Isabel Moreira is Distinguished Professor of History at the University of Utah, co-editor of The Oxford Handbook of the Merovingian World, and author of Heaven's Purge: Purgatory in Late Antiquity.


Riassunto

This book tells the remarkable life of Balthild of Francia (c. 633-80), a seventh-century Anglo-Saxon slave who became a queen of France. Described in contemporary sources as beautiful and intelligent, she rose to power though her marriage to the short-lived King Clovis II. As regent for her young son, she promoted social and political reforms in Francia that included the rescue and rehousing of Christian slaves who, like Balthild herself, had been caught up in the human-trafficking practices of the mid-seventh century.

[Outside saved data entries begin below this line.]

(* Let $X$ be an infinite-dimensional separable Banach space over $\mathbb{K}\in\{\mathbb{R},\mathbb{C}\}$, and let $T, S \in \mathcal{B}(X)$ with $T = \lambda I + S$ for some $\lambda \in \mathbb{K}$. Suppose $T$ is hypercyclic. Then the following assertions are equivalent: (i) $T$ satisfies the Hypercyclicity Criterion; (ii) $T$ satisfies the Cyclicity Criterion; (iii) $S$ satisfies the Cyclicity Criterion; (iv) $S \oplus S$ is cyclic on $X \oplus X$; (v) $T \oplus T$ is cyclic on $X \oplus X$; (vi) $T \oplus T$ is hypercyclic on $X \oplus X$.
   Context: $\mathcal{B}(X)$ denotes the algebra of bounded linear operators on $X$. An operator $T \in \mathcal{B}(X)$ is hypercyclic if there is $x \in X$ with $\{T^n x : n \ge 0\}$ dense in $X$; it is cyclic if there is $x\in X$ with $\operatorname{span}\{T^n x : n\ge 0\}$ dense in $X$. $T\oplus T$ denotes the operator $(x,y)\mapsto (Tx,Ty)$ on $X\oplus X$. $T$ satisfies the Hypercyclicity Criterion if there exist dense subsets $X_0, Y_0 \subseteq X$, an increasing sequence $(n_k)_{k\ge1}$ of positive integers, and maps (not necessarily linear or continuous) $S_{n_k}: Y_0 \to X$ such that: $T^{n_k}x \to 0$ for every $x \in X_0$; $S_{n_k}y \to 0$ for every $y \in Y_0$; and $T^{n_k}S_{n_k}y \to y$ for every $y \in Y_0$. An operator $A\in\mathcal{B}(X)$ satisfies the Cyclicity Criterion if there exist dense subsets $V, W \subseteq X$, a sequence $(p_k)_{k\ge1}$ of polynomials in $\mathbb{K}[x]$, and maps (not necessarily linear or continuous) $S_k : W \to X$ such that: $p_k(A)x \to 0$ for every $x \in V$; $S_k x \to 0$ for every $x \in W$; and $p_k(A)S_k x \to x$ for every $x \in W$. *)

From Stdlib Require Import Reals List.
Open Scope R_scope.

Record Scal := {
  sK :> Type;
  s0 : sK; s1 : sK;
  sadd : sK -> sK -> sK;
  smul : sK -> sK -> sK;
  sopp : sK -> sK;
  sabs : sK -> R }.

Definition RScal : Scal :=
  {| sK := R; s0 := 0; s1 := 1; sadd := Rplus; smul := Rmult;
     sopp := Ropp; sabs := Rabs |}.

(* complex numbers as pairs (re, im) *)
Definition Cnum := (R * R)%type.
Definition Cadd (z w : Cnum) : Cnum := (fst z + fst w, snd z + snd w).
Definition Cmul (z w : Cnum) : Cnum :=
  (fst z * fst w - snd z * snd w, fst z * snd w + snd z * fst w).
Definition Copp (z : Cnum) : Cnum := (- fst z, - snd z).
Definition Cabs (z : Cnum) : R := sqrt (fst z * fst z + snd z * snd z).

Definition CScal : Scal :=
  {| sK := Cnum; s0 := (0, 0); s1 := (1, 0); sadd := Cadd; smul := Cmul;
     sopp := Copp; sabs := Cabs |}.

Inductive KKind := KReal | KComplex.
Definition Kof (k : KKind) : Scal :=
  match k with KReal => RScal | KComplex => CScal end.

Record VecOps (K : Scal) := {
  vcar :> Type;
  vzero : vcar;
  vadd : vcar -> vcar -> vcar;
  vopp : vcar -> vcar;
  vscal : K -> vcar -> vcar;
  vnorm : vcar -> R }.
Arguments vcar {K} _.
Arguments vzero {K} _.
Arguments vadd {K} _ _ _.
Arguments vopp {K} _ _.
Arguments vscal {K} _ _ _.
Arguments vnorm {K} _ _.

Section Generic.
Context {K : Scal} (X : VecOps K).

Definition vsub (x y : X) : X := vadd X x (vopp X y).
Definition dist (x y : X) : R := vnorm X (vsub x y).

Definition seq_conv (u : nat -> X) (l : X) : Prop :=
  forall eps, eps > 0 -> exists N, forall k, (N <= k)%nat -> dist (u k) l < eps.

Definition cauchy (u : nat -> X) : Prop :=
  forall eps, eps > 0 -> exists N, forall m n, (N <= m)%nat -> (N <= n)%nat ->
    dist (u m) (u n) < eps.

Definition dense (D : X -> Prop) : Prop :=
  forall y eps, eps > 0 -> exists x, D x /\ dist x y < eps.

Definition separable : Prop :=
  exists d : nat -> X, dense (fun x => exists n, x = d n).

Fixpoint lincomb (l : list (K * X)) : X :=
  match l with
  | nil => vzero X
  | p :: l' => vadd X (vscal X (fst p) (snd p)) (lincomb l')
  end.

Definition finite_dim : Prop :=
  exists vs : list X, forall y : X, exists l : list (K * X),
    (forall p, In p l -> In (snd p) vs) /\ y = lincomb l.

Definition infinite_dim : Prop := ~ finite_dim.

Definition bounded_linear (T : X -> X) : Prop :=
  (forall x y, T (vadd X x y) = vadd X (T x) (T y)) /\
  (forall a x, T (vscal X a x) = vscal X a (T x)) /\
  (exists M, forall x, vnorm X (T x) <= M * vnorm X x).

Definition itr (T : X -> X) (n : nat) (x : X) : X := Nat.iter n T x.

(* p(A) x for the polynomial p = c_0 + c_1 t + ... (coefficient list [c_0; c_1; ...]),
   i.e. sum_k c_k A^k x *)
Fixpoint peval (A : X -> X) (p : list K) (x : X) : X :=
  match p with
  | nil => vzero X
  | c :: p' => vadd X (vscal X c x) (peval A p' (A x))
  end.

Definition hypercyclic (T : X -> X) : Prop :=
  exists x, dense (fun y => exists n, y = itr T n x).

(* span{T^n x : n >= 0} = { p(T) x : p polynomial } *)
Definition cyclic (T : X -> X) : Prop :=
  exists x, dense (fun y => exists p : list K, y = peval T p x).

Definition HypercyclicityCriterion (T : X -> X) : Prop :=
  exists (X0 Y0 : X -> Prop) (n : nat -> nat) (Sk : nat -> X -> X),
    dense X0 /\ dense Y0 /\
    (forall k, (0 < n k)%nat) /\ (forall k, (n k < n (Datatypes.S k))%nat) /\
    (forall x, X0 x -> seq_conv (fun k => itr T (n k) x) (vzero X)) /\
    (forall y, Y0 y -> seq_conv (fun k => Sk k y) (vzero X)) /\
    (forall y, Y0 y -> seq_conv (fun k => itr T (n k) (Sk k y)) y).

Definition CyclicityCriterion (A : X -> X) : Prop :=
  exists (V W : X -> Prop) (p : nat -> list K) (S : nat -> X -> X),
    dense V /\ dense W /\
    (forall x, V x -> seq_conv (fun k => peval A (p k) x) (vzero X)) /\
    (forall x, W x -> seq_conv (fun k => S k x) (vzero X)) /\
    (forall x, W x -> seq_conv (fun k => peval A (p k) (S k x)) x).

End Generic.

Definition prodOps {K : Scal} (X : VecOps K) : VecOps K :=
  @Build_VecOps K (vcar X * vcar X)%type
     (vzero X, vzero X)
     (fun p q => (vadd X (fst p) (fst q), vadd X (snd p) (snd q)))
     (fun p => (vopp X (fst p), vopp X (snd p)))
     (fun a p => (vscal X a (fst p), vscal X a (snd p)))
     (fun p => Rmax (vnorm X (fst p)) (vnorm X (snd p))).

Definition dsum {K : Scal} {X : VecOps K} (T : X -> X) : prodOps X -> prodOps X :=
  fun p => (T (fst p), T (snd p)).

Record Banach (K : Scal) := {
  bops :> VecOps K;
  ax_addA : forall x y z : bops, vadd bops x (vadd bops y z) = vadd bops (vadd bops x y) z;
  ax_addC : forall x y : bops, vadd bops x y = vadd bops y x;
  ax_add0 : forall x : bops, vadd bops x (vzero bops) = x;
  ax_addN : forall x : bops, vadd bops x (vopp bops x) = vzero bops;
  ax_scal1 : forall x : bops, vscal bops (s1 K) x = x;
  ax_scalA : forall (a b : K) (x : bops), vscal bops a (vscal bops b x) = vscal bops (smul K a b) x;
  ax_scalDl : forall (a b : K) (x : bops),
      vscal bops (sadd K a b) x = vadd bops (vscal bops a x) (vscal bops b x);
  ax_scalDr : forall (a : K) (x y : bops),
      vscal bops a (vadd bops x y) = vadd bops (vscal bops a x) (vscal bops a y);
  ax_norm_eq0 : forall x : bops, vnorm bops x = 0 -> x = vzero bops;
  ax_norm_triangle : forall x y : bops, vnorm bops (vadd bops x y) <= vnorm bops x + vnorm bops y;
  ax_norm_scal : forall (a : K) (x : bops), vnorm bops (vscal bops a x) = sabs K a * vnorm bops x;
  ax_complete : forall u : nat -> bops, cauchy bops u -> exists l, seq_conv bops u l }.

(* Polynomials in [T = lam I + S] are exactly the polynomials in [S], so the Cyclicity
   Criterion and cyclicity of the direct sum pass freely between [T] and [S].  Taking
   monomials turns the Hypercyclicity Criterion into the Cyclicity Criterion.  If [T]
   satisfies the Cyclicity Criterion and has a dense orbit, then [T (+) T] is
   topologically transitive, and the Birkhoff transitivity theorem (a Baire category
   argument, fed with pairs of orbit points as a countable dense set) makes it
   hypercyclic.  Conversely, if [(u, v)] is a cyclic (resp. hypercyclic) vector of
   [A (+) A], approximating [(u, 0)] and [(0, u)] by points of its orbit produces
   polynomials [p_k] (resp. powers [A^(n_k)]) and vectors [z_k -> 0] with [p_k(A) u -> 0]
   and [p_k(A) z_k -> u], which is the criterion on the dense set of the [q(A) u]. *)

From Stdlib Require Import Reals List Lra Lia Cantor Classical ClassicalEpsilon.
From Pilot Require Import Defs.
Open Scope R_scope.

Class ScalarLaws (K : Scal) := {
  sadd00 : sadd K (s0 K) (s0 K) = s0 K;
  sabs_ge0 : forall a, 0 <= sabs K a;
  sminus1 : K;
  sadd_minus1 : sadd K sminus1 (s1 K) = s0 K;
  sabs_minus1 : sabs K sminus1 = 1;
  smulC : forall a b, smul K a b = smul K b a;
  sofR : R -> K;
  sabs_ofR : forall t, sabs K (sofR t) = Rabs t }.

Implicated in the violent politics of the era, Balthild spent the remainder of her life in the convent of Chelles where a unique cache of surviving relics and personal items, including her hair, were protected and dispersed as relics over the following centuries. In the nineteenth century, Balthild's anti-slave trade policies were recalled for new audiences when she was adopted as an icon for the cause of the abolition of the slave trade and installed as one of the twenty illustrious women whose statues are situated in the Luxembourg Gardens in Paris.

Although critical to her age, because of the remote time period and the specialized nature of the sources, Balthild is little known today. This book will correct this oversight by shining a light on a fascinating and courageous figure whose legacy long outlived the era to which she belonged.